Australia is already well-known for its amazing variety of poisonous creatures, and now scientists have added one more snake to the list. The snake is called Acanthophis cryptamydros, also known as the Kimberley death adder.
As the name implies, the poisonous reptilian originates from Kimberley, Australia, which is in the northwestern portion of the continent, and its victims are added to the death toll of poisonous snakes.
Scientists previously believed that all of the death adder snakes were members of the same species. However, during a recent study of the snakes in the region, scientists discovered that the Kimberley death adder was a separate species altogether. The Kimberley death adder has more in common with death adders from the desert than it does with its closest relatives in terms of genetics, which usually reside in forests and woodlands.
Amphibian scientists Paul Doughty said, “These snakes are super-camouflaged; its idea is to look like a rock or a bunch of leaves. Unlike a brown snake they aren’t designed for speed at all, they are quite slow. They use their tail like a lure, they will dangle it down while it’s hidden until a lizard or something comes close and then it will strike.”
Paul Doughty was part of the team of scientists that helped identify the snake.
The Kimberley death adder is orange in color, and it has diamond-shaped heads and scales. The color and texture of the snake help it blend in with the terrain on the desert. The snake is extremely venomous, so much so that is apparently one of the ten deadliest snakes in the world.

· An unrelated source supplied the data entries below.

Lemma sum_count_leq al k : (forall v, v \in al -> v <= k)%N ->
  (\sum_(1 <= i < k.+1) count (fun v => i <= v) al)%N = sumn al.
Proof.
have sum_leq v : (\sum_(1 <= i < k.+1) (i <= v) = minn v k)%N.
  elim: k => [|k IH]; first by rewrite big_geq.
  by rewrite big_nat_recr //= IH; case: leqP => /=; lia.
elim: al => [|v al IH] al_k /=; first by rewrite big1.
rewrite big_split /= sum_leq IH => [|w w_al]; last by apply: al_k; rewrite in_cons w_al orbT.
by have := al_k v (mem_head _ _); lia.
Qed.

Lemma leq_sumn_mem v s : v \in s -> (v <= sumn s)%N.
Proof. by elim: s => [|x s IH] //=; rewrite in_cons => /orP[/eqP->|/IH]; lia. Qed.

Lemma newton_identity k al : (0 < k)%N ->
  \sum_(1 <= i < k.+1) smul (psum i) (hn (k - i)) al = k%:R * hn k al.
Proof.
move=> k_gt0.
have E i : (1 <= i < k.+1)%N ->
    smul (psum i) (hn (k - i)) al = (sumn al == k)%:R * (count (fun v => i <= v)%N al)%:R.
  move=> /andP[i_gt0 i_k]; rewrite /smul -sum_below_psum // mulr_sumr.
  apply: eq_big_seq => be be_al.
  have [->|/homogeneous_psum sbe] := eqVneq (psum i be) 0; first by rewrite !mul0r mulr0.
  have := sumn_subv be_al; rewrite sbe /hn mulrC => sv.
  by rewrite (_ : (sumn (subv al be) == k - i)%N = (sumn al == k)) //; apply/eqP/eqP; lia.
rewrite (eq_big_nat _ _ E) -mulr_sumr -natr_sum /hn.
case: eqP => [al_k|_]; last by rewrite mul0r mulr0.
rewrite sum_count_leq ?al_k ?mulr1 ?mul1r // => v v_al.
by rewrite -al_k leq_sumn_mem.
Qed.

Definition psum_prod (mu : seq nat) := sprod (map psum mu).

Lemma size_nonzeros_subv al be : be \in below al ->
  (size (nonzeros al) <= size (nonzeros be) + size (nonzeros (subv al be)))%N.
Proof.
elim: al be => [|a t IH] [|k s] //; rewrite ?inE // mem_below_cons //= => /andP[ka /IH].
have : ((a != 0%N) <= (k != 0%N) + (a - k != 0%N))%N.
  by case: a ka => [|a] //; case: k => [|k] //=; rewrite subSS; case: (a - k)%N.
by rewrite !size_nonzeros_cons; lia.
Qed.

Lemma perm_nonzeros_subv_psum be ga k : ga \in below be -> psum k ga != 0 ->
  (size (nonzeros (subv be ga)) < size (nonzeros be))%N ->
  perm_eq (nonzeros be) (k :: nonzeros (subv be ga)).
Proof.
move=> + /boolr_neq0 /andP[/eqP + /eqP <-].
elim: be ga => [|b t IH] [|c s] //; rewrite ?inE // mem_below_cons // => /andP[cb s_t].
rewrite [subv _ _]/= !size_nonzeros_cons.
have [->|c_neq0] := eqVneq c 0%N.
  rewrite subn0 add0n => s1 lt_nz; have {}IH := IH s s_t s1; rewrite /= add0n.
  have [b0|b_neq0] := eqVneq b 0%N; first by move: lt_nz; rewrite b0 /= => /IH.
  apply: (@perm_trans _ (b :: sumn s :: nonzeros (subv t s))).
    by rewrite /nonzeros /= perm_cons IH // -(ltn_add2l (b != 0%N)).
  exact: (permEl (perm_catCA [:: b] [:: sumn s] _)).
move=> /eqP; rewrite /= add1n eqSS size_nonzeros_eq0 => /eqP s0.
rewrite (below_sumn0 s_t s0) subv0 /= sumn_nseq mul0n addn0.
have [bc|bc_neq0] := eqVneq (b - c)%N 0%N; last first.
  by case: (b != 0%N); rewrite /= ?ltnn // add0n add1n ltnNge leqnSn.
have -> : b = c by apply/eqP; rewrite eqn_leq cb -subn_eq0 bc.
by rewrite subnn /= c_neq0 => _; rewrite perm_refl.
Qed.

Lemma symmetric_psum_prod mu : is_symmetric (psum_prod mu).
Proof. exact: symmetric_sprod symmetric_psum. Qed.

Lemma homogeneous_psum_prod mu : homogeneous (psum_prod mu) (sumn mu).
Proof. exact: homogeneous_sprod homogeneous_psum. Qed.

Lemma psum_prod_size_nonzeros (mu be : seq nat) :
  psum_prod mu be != 0 -> (size (nonzeros be) <= size mu)%N.
Proof.
elim: mu be => [|k mu IH] be /=.
  by move=> /boolr_neq0; rewrite -size_nonzeros_eq0 => /eqP ->.
move=> /smul_neq0 [ga ga_be /andP[/boolr_neq0 /andP[/eqP ga1 _] /IH le_mu]].
by have := size_nonzeros_subv ga_be; rewrite ga1 add1n => /leq_trans; apply.
Qed.

Lemma psum_prod_perm (mu be : seq nat) : psum_prod mu be != 0 ->
  (size mu <= size (nonzeros be))%N -> perm_eq (nonzeros be) mu.
Proof.
elim: mu be => [|k mu IH] be /=.
  by move=> /boolr_neq0; rewrite -size_nonzeros_eq0 => /eqP/size0nil ->.
move=> /smul_neq0 [ga ga_be /andP[psum_ga prod_neq0]] mu_be.
have := psum_prod_size_nonzeros prod_neq0; have := size_nonzeros_subv ga_be.
move: (psum_ga) => /boolr_neq0 /andP[/eqP -> _] le1 le2.
apply: perm_trans (perm_nonzeros_subv_psum ga_be psum_ga _) _; first by lia.
by rewrite perm_cons IH //; lia.
Qed.

Lemma psum_prod_ge0 mu be : 0 <= psum_prod mu be.
Proof.
elim: mu be => [|k mu IH] be /=; first exact: ler0n.
by apply: sumr_ge0 => ga _; apply: mulr_ge0; [exact: ler0n | exact: IH].
Qed.

Lemma psum_prod_diag_gt0 mu : is_comp mu -> 0 < psum_prod mu mu.
Proof.
elim: mu => [|k mu IH]; first by rewrite /= /sone ltr01.
case/andP => k_gt0 /IH mu_gt0.
have -> : psum_prod (k :: mu) = smul (psum k) (psum_prod mu) by [].
have F_ge0 ga : 0 <= psum k ga * psum_prod mu (subv (k :: mu) ga).
  by rewrite mulr_ge0 ?ler0n ?psum_prod_ge0.
rewrite lt0r sumr_ge0 // andbT psumr_neq0 //.
apply/hasP; exists (k :: nseq (size mu) 0%N); first by rewrite mem_below_cons leqnn below_zero.
rewrite /= subnn subv0 psum_cons // sumn_nseq mul0n !eqxx !mul1r.
by rewrite (@symmetric_psum_prod mu (0%N :: mu) mu) // same_nonzeroE.
Qed.

(** * Monomial symmetric functions *)

Definition msym (mu : seq nat) : sfun := fun al => (same_nonzero mu al)%:R.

Ironically, all of these snakes live in Australia.
The newly discovered snake is also said to be extremely rare.
Kimberley has been a great location for scientists who want to discover new species of amphibians. Since 2006, researchers have discovered six new species of frogs, several new species of geckos and the smallest goanna in the world.

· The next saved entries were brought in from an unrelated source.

Lemma heat_lin (g1 g2 : nat -> R) (M1 M2 a b t : R) (x : nat) :
  (forall y, Rabs (g1 y) <= M1) -> (forall y, Rabs (g2 y) <= M2) ->
  heat L (fun y => a * g1 y + b * g2 y) t x = a * heat L g1 t x + b * heat L g2 t x.
Proof.
  intros H1 H2. unfold heat.
  rewrite <- (expser_lin _ _ a b M1 (3 * B) M2 (3 * B));
    [| apply op_pow_bounded; assumption ..].
  apply expser_ext. intro k. apply op_pow_lin.
Qed.

Lemma heat_derive (g : nat -> R) (M t : R) (x : nat) :
  (forall y, Rabs (g y) <= M) ->
  is_derive (fun s => heat L g s x) t (apply_op L (fun y => heat L g t y) x).
Proof.
  intro HM. unfold heat.
  replace (apply_op L (fun y => expser (fun k => op_pow L k g y) t) x)
    with (expser (fun k => op_pow L (S k) g x) t).
  { apply (expser_derive M (3 * B)), op_pow_bounded, HM. }
  pose proof (op_pow_bounded g M (S x) HM) as Bup.
  pose proof (op_pow_bounded g M (pred x) HM) as Bdown.
  pose proof (op_pow_bounded g M x HM) as Bdiag.
  transitivity (expser (fun k => 1 * (up L x * op_pow L k g (S x)
                                      + down L x * op_pow L k g (pred x))
                                 + diag L x * op_pow L k g x) t).
  { apply expser_ext. intro k. simpl. unfold apply_op. ring. }
  rewrite (expser_lin _ _ _ _ _ _ _ _ t (geom_bounded_lin _ _ _ _ _ _ _ Bup Bdown) Bdiag).
  rewrite (expser_lin _ _ _ _ _ _ _ _ t Bup Bdown). unfold apply_op. ring.
Qed.

End BoundedOperator.

Lemma heat_ext (L : nn_op) (g1 g2 : nat -> R) (t : R) (x : nat) :
  (forall y, g1 y = g2 y) -> heat L g1 t x = heat L g2 t x.
Proof. intro H. apply expser_ext. intro k. apply op_pow_ext, H. Qed.

Lemma heat_intertwine (L1 L2 : nn_op) (B1 a b M t : R) (h : nat -> R) (r : nat) :
  op_bounded L1 B1 -> (forall y, Rabs (h y) <= M) ->
  (forall h r, apply_op L2 (fun y => a * h y + b * h (S y)) r
               = a * apply_op L1 h r + b * apply_op L1 h (S r)) ->
  heat L2 (fun y => a * h y + b * h (S y)) t r = a * heat L1 h t r + b * heat L1 h t (S r).
Proof.
  intros HL1 HM Hint. unfold heat.
  rewrite <- (expser_lin _ _ a b M (3 * B1) M (3 * B1));
    [| apply (op_pow_bounded L1 B1 HL1); exact HM ..].
  apply expser_ext. intro k. apply (op_pow_intertwine L1 L2 a b Hint).
Qed.

(** Positivity: writing L = L' - B with L' having nonnegative coefficients,
    e^{tL} = e^{-Bt} e^{tL'}, and e^{tL'} preserves nonnegativity termwise. *)

Definition shift_diag (L : nn_op) (B : R) : nn_op :=
  NNOp (up L) (down L) (fun x => diag L x + B).

Lemma apply_op_sum (L : nn_op) (w : nat -> R) (e : nat -> nat -> R) (n x : nat) :
  apply_op L (fun y => sum_f_R0 (fun k => w k * e k y) n) x
  = sum_f_R0 (fun k => w k * apply_op L (e k) x) n.
Proof. induction n as [| n IH]; simpl; rewrite <- ?IH; unfold apply_op; ring. Qed.

Lemma apply_op_div (L : nn_op) (h : nat -> R) (c : R) (x : nat) :
  apply_op L (fun y => h y / c) x = apply_op L h x / c.
Proof. unfold apply_op, Rdiv. ring. Qed.

Lemma sum_weighted_split (u : nat -> R) (n : nat) :
  sum_f_R0 (fun k => (INR (S n) - INR k) * u k) n + sum_f_R0 (fun k => INR (S k) * u (S k)) n
  = INR (S n) * sum_f_R0 u (S n).
Proof.
  assert (E1 : sum_f_R0 (fun k => INR k * u k) (S n) = sum_f_R0 (fun k => INR (S k) * u (S k)) n).
  { rewrite decomp_sum by lia. simpl pred. simpl INR at 1. ring. }
  assert (E2 : sum_f_R0 (fun k => (INR (S n) - INR k) * u k) (S n)
               = sum_f_R0 (fun k => (INR (S n) - INR k) * u k) n).
  { rewrite tech5. ring. }
  rewrite <- E1, <- E2, <- plus_sum, scal_sum. apply sum_eq. intros. ring.
Qed.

Doughty says, “The Kimberley is an isolated corner of Australia with relic species clinging on for millions of years. There is a huge untapped diversity that we’re just getting a handle on. I could easily point to 20 or 30 specimens we have here that haven’t been described. I won’t run out of things to describe from the Kimberley in my career and my successor won’t run out either.”
Only one live sighting of a Kimberley death adder has been reported in the wild so far. It’s likely that the territory of the serpent is being threatened by fire, wild cattle, and the cane toad plague.